*** Opening Exercise materials ***
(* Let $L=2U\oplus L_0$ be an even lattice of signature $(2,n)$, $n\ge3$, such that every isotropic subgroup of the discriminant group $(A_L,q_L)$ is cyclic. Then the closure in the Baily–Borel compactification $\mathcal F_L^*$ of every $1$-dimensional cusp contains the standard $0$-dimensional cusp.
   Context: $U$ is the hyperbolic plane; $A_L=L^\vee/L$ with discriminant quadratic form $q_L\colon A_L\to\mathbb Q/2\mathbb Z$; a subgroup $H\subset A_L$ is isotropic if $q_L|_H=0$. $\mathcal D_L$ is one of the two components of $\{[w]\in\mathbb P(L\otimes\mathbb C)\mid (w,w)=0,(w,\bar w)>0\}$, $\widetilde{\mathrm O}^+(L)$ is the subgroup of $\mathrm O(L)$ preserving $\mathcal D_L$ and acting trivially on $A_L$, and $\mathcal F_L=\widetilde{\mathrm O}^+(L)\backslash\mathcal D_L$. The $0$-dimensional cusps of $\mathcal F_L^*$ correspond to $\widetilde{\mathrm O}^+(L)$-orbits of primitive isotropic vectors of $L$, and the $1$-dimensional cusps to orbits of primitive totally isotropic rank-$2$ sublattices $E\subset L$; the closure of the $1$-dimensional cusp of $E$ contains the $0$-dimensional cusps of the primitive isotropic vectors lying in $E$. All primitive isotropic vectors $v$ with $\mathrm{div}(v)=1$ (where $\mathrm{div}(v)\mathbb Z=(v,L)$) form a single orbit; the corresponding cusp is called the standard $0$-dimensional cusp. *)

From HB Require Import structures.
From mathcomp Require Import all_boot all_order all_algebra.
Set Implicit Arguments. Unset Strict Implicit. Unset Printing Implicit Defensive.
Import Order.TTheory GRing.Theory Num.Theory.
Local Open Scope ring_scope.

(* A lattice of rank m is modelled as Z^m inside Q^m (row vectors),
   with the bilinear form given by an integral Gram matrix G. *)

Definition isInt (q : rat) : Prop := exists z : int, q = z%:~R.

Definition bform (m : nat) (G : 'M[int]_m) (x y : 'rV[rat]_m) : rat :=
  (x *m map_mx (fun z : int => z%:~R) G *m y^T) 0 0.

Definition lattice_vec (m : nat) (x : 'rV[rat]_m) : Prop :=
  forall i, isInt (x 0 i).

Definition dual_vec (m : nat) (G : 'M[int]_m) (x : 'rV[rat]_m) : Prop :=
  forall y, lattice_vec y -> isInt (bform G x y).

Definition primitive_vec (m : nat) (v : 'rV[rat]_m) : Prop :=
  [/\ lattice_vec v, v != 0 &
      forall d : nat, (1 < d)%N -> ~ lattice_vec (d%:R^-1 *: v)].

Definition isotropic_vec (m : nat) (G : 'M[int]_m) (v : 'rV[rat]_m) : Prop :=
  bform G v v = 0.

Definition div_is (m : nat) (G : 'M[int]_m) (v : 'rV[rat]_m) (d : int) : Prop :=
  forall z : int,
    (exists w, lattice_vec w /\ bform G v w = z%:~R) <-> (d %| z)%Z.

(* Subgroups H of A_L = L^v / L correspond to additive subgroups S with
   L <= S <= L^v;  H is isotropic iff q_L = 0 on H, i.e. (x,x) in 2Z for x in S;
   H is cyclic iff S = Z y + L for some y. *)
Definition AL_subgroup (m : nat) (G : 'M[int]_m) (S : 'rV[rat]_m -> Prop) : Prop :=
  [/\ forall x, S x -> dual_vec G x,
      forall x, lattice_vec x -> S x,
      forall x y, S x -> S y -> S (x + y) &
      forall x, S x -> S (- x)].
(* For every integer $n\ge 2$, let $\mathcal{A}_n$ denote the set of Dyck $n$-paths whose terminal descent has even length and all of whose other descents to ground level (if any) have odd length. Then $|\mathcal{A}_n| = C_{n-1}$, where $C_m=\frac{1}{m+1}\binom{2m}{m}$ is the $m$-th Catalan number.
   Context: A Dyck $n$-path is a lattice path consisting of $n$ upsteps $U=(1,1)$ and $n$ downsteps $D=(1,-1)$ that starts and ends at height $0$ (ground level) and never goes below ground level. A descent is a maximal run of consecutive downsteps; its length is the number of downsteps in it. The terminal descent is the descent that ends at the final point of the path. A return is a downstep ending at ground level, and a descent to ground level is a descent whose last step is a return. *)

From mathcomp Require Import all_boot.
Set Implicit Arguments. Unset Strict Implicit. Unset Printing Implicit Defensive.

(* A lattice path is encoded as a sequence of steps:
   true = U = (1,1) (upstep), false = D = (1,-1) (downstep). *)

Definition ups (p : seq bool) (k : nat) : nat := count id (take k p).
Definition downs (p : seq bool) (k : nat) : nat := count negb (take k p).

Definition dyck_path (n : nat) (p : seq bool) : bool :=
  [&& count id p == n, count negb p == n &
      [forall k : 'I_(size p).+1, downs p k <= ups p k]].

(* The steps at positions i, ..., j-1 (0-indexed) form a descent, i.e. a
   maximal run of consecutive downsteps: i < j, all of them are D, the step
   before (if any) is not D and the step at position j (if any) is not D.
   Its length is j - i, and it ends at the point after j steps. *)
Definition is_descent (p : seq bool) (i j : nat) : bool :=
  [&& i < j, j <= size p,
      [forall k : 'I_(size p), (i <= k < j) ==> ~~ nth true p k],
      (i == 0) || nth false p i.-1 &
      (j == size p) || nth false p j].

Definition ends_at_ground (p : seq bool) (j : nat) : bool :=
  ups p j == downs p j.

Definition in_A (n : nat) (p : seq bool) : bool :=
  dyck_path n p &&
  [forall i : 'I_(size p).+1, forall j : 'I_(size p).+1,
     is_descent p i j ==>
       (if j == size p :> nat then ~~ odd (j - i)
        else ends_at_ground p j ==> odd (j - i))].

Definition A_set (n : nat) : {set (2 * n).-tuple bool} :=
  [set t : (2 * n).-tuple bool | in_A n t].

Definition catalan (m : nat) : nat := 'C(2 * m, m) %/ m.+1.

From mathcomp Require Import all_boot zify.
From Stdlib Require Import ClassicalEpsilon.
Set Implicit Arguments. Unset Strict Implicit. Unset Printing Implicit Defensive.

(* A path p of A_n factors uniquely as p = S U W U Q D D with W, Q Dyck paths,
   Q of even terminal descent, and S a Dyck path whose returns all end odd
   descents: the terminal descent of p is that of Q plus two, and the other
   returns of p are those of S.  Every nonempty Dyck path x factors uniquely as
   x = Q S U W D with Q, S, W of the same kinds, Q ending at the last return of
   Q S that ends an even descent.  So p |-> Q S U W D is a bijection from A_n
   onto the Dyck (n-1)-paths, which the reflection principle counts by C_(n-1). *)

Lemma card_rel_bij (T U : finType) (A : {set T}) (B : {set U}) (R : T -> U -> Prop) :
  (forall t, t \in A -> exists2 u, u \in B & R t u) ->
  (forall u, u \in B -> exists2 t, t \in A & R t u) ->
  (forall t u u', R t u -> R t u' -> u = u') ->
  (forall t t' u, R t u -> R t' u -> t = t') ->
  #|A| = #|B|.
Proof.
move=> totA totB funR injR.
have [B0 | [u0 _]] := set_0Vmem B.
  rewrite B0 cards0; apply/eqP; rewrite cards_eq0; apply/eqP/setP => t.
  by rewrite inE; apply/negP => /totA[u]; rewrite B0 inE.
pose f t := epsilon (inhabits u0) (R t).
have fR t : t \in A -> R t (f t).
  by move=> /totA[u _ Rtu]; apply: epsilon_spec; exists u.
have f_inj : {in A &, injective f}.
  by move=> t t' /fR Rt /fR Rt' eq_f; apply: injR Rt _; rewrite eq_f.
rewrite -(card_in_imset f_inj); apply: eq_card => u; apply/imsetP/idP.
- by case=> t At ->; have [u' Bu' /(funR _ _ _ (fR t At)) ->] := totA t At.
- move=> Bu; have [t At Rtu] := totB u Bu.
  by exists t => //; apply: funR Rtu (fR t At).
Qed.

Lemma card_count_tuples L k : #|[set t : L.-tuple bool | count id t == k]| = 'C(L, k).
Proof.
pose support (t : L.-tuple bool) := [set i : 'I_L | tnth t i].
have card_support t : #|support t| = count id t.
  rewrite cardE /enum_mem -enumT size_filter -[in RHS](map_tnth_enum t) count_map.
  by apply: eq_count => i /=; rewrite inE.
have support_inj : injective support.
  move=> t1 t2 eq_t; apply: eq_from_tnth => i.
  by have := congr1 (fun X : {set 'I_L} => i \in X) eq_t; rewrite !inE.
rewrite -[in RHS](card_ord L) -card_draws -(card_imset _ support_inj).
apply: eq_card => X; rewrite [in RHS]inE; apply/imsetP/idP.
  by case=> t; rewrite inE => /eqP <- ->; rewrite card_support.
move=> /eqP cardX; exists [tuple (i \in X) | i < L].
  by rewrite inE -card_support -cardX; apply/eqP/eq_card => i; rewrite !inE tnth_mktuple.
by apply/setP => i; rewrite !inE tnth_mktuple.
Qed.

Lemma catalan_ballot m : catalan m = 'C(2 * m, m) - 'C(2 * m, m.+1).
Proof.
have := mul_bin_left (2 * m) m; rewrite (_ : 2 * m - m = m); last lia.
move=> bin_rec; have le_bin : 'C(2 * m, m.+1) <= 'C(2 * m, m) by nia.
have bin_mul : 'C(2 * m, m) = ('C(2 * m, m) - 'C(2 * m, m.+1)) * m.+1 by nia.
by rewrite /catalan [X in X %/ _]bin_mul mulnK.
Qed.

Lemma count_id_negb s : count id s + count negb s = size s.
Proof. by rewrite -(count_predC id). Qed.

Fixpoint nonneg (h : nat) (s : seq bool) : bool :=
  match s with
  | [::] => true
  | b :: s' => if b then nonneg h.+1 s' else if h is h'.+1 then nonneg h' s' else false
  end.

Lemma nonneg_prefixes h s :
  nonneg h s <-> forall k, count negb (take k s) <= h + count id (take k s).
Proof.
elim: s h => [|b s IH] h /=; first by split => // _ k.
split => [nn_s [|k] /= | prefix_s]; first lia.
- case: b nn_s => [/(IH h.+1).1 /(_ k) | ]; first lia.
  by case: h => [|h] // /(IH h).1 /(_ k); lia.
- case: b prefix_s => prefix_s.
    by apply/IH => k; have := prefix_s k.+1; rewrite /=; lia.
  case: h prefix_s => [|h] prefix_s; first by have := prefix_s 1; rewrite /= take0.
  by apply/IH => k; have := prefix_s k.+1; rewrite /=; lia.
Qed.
*** Closing Exercise materials ***
*** Opening Exercise materials ***
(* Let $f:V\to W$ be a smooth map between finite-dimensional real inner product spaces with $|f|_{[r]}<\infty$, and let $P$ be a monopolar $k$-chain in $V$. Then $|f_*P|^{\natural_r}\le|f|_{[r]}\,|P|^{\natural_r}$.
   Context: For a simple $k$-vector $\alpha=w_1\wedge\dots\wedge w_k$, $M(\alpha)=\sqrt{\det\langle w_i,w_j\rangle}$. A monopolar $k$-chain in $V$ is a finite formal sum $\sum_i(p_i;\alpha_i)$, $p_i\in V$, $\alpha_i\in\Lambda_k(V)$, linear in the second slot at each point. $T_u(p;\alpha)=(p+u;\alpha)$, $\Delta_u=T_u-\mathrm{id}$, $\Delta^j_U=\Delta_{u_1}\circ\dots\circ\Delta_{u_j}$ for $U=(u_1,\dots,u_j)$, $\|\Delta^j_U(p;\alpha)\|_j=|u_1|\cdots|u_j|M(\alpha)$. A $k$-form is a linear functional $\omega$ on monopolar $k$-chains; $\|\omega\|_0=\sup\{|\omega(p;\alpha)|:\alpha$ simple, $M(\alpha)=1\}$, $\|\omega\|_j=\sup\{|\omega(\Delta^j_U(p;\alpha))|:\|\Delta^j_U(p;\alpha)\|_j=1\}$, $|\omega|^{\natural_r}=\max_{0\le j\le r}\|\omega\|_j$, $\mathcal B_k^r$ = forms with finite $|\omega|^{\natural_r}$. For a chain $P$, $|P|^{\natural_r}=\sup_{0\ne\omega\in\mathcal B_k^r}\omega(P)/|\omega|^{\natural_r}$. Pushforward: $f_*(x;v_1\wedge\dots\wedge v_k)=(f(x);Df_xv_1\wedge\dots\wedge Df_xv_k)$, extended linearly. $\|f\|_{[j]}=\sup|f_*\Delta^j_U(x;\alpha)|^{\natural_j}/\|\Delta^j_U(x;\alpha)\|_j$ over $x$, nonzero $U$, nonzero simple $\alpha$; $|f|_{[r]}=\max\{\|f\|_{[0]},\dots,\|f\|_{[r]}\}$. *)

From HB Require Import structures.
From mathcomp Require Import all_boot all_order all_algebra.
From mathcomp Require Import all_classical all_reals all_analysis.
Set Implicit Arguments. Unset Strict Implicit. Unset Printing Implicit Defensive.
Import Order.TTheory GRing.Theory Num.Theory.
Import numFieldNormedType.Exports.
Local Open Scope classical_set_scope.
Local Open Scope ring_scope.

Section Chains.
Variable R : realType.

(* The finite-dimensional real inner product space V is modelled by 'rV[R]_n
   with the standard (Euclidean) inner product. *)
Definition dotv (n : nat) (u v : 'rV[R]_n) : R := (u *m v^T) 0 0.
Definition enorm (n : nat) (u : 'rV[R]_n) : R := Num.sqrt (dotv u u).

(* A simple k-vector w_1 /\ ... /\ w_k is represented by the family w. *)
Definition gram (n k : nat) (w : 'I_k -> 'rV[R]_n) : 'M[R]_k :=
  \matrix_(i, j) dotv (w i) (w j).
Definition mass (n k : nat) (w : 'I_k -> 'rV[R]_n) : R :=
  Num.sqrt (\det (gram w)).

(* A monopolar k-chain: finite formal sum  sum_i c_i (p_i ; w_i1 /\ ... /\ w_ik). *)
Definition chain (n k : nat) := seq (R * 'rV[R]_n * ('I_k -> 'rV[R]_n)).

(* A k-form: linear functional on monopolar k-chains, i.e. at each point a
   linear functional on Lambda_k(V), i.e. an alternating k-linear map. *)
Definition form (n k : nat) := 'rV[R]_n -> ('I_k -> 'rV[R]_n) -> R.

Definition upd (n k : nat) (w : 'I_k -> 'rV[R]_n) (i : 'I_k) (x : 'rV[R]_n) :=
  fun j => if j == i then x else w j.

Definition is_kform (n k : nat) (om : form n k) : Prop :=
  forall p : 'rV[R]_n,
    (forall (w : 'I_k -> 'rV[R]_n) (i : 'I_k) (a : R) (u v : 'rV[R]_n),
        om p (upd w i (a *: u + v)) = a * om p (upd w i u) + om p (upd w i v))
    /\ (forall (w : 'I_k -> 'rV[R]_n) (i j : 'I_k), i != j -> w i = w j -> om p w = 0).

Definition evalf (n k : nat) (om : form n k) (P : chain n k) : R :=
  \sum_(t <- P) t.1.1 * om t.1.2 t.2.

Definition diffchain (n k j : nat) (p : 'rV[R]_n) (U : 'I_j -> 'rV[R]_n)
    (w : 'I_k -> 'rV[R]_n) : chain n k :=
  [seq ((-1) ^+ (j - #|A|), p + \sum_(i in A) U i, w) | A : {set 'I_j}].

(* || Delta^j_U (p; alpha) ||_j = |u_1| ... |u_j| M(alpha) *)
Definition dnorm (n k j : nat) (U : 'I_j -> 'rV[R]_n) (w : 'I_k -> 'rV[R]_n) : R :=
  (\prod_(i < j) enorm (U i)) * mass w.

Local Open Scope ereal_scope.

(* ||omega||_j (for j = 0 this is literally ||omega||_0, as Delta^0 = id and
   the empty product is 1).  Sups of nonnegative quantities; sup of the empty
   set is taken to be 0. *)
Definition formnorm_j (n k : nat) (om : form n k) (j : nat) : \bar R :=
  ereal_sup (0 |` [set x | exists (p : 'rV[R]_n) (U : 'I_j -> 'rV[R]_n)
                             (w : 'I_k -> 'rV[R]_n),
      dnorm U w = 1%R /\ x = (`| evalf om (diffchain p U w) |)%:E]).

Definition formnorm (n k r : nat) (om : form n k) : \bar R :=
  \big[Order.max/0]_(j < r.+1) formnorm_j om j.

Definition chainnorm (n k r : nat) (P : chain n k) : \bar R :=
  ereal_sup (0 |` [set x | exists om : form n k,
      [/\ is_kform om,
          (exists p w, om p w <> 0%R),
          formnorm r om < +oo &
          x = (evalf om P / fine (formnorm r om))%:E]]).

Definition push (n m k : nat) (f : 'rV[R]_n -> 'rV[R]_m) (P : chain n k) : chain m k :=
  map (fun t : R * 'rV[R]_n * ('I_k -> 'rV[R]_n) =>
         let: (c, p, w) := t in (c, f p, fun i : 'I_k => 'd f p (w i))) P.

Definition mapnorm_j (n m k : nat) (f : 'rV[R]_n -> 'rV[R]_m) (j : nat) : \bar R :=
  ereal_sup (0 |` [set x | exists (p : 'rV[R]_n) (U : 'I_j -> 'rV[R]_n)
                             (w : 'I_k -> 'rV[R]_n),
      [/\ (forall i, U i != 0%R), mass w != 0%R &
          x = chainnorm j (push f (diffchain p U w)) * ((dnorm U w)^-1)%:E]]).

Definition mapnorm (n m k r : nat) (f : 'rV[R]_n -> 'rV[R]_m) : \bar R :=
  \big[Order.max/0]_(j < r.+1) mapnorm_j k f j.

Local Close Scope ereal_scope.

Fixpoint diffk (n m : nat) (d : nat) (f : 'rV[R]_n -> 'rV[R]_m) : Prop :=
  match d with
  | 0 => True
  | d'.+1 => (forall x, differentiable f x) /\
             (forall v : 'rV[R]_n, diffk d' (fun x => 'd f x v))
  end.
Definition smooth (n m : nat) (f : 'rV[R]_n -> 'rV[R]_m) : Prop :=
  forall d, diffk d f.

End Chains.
*** Closing Exercise materials ***
The lines above from the one with "Definition formnorm (n" through the one with "End Chains." are to be duplicated exactly, ends included, with nothing added.

Completed task >>
Definition formnorm (n k r : nat) (om : form n k) : \bar R :=
  \big[Order.max/0]_(j < r.+1) formnorm_j om j.

Definition chainnorm (n k r : nat) (P : chain n k) : \bar R :=
  ereal_sup (0 |` [set x | exists om : form n k,
      [/\ is_kform om,
          (exists p w, om p w <> 0%R),
          formnorm r om < +oo &
          x = (evalf om P / fine (formnorm r om))%:E]]).

Definition push (n m k : nat) (f : 'rV[R]_n -> 'rV[R]_m) (P : chain n k) : chain m k :=
  map (fun t : R * 'rV[R]_n * ('I_k -> 'rV[R]_n) =>
         let: (c, p, w) := t in (c, f p, fun i : 'I_k => 'd f p (w i))) P.

Definition mapnorm_j (n m k : nat) (f : 'rV[R]_n -> 'rV[R]_m) (j : nat) : \bar R :=
  ereal_sup (0 |` [set x | exists (p : 'rV[R]_n) (U : 'I_j -> 'rV[R]_n)
                             (w : 'I_k -> 'rV[R]_n),
      [/\ (forall i, U i != 0%R), mass w != 0%R &
          x = chainnorm j (push f (diffchain p U w)) * ((dnorm U w)^-1)%:E]]).

Definition mapnorm (n m k r : nat) (f : 'rV[R]_n -> 'rV[R]_m) : \bar R :=
  \big[Order.max/0]_(j < r.+1) mapnorm_j k f j.

Local Close Scope ereal_scope.

Fixpoint diffk (n m : nat) (d : nat) (f : 'rV[R]_n -> 'rV[R]_m) : Prop :=
  match d with
  | 0 => True
  | d'.+1 => (forall x, differentiable f x) /\
             (forall v : 'rV[R]_n, diffk d' (fun x => 'd f x v))
  end.
Definition smooth (n m : nat) (f : 'rV[R]_n -> 'rV[R]_m) : Prop :=
  forall d, diffk d f.

End Chains.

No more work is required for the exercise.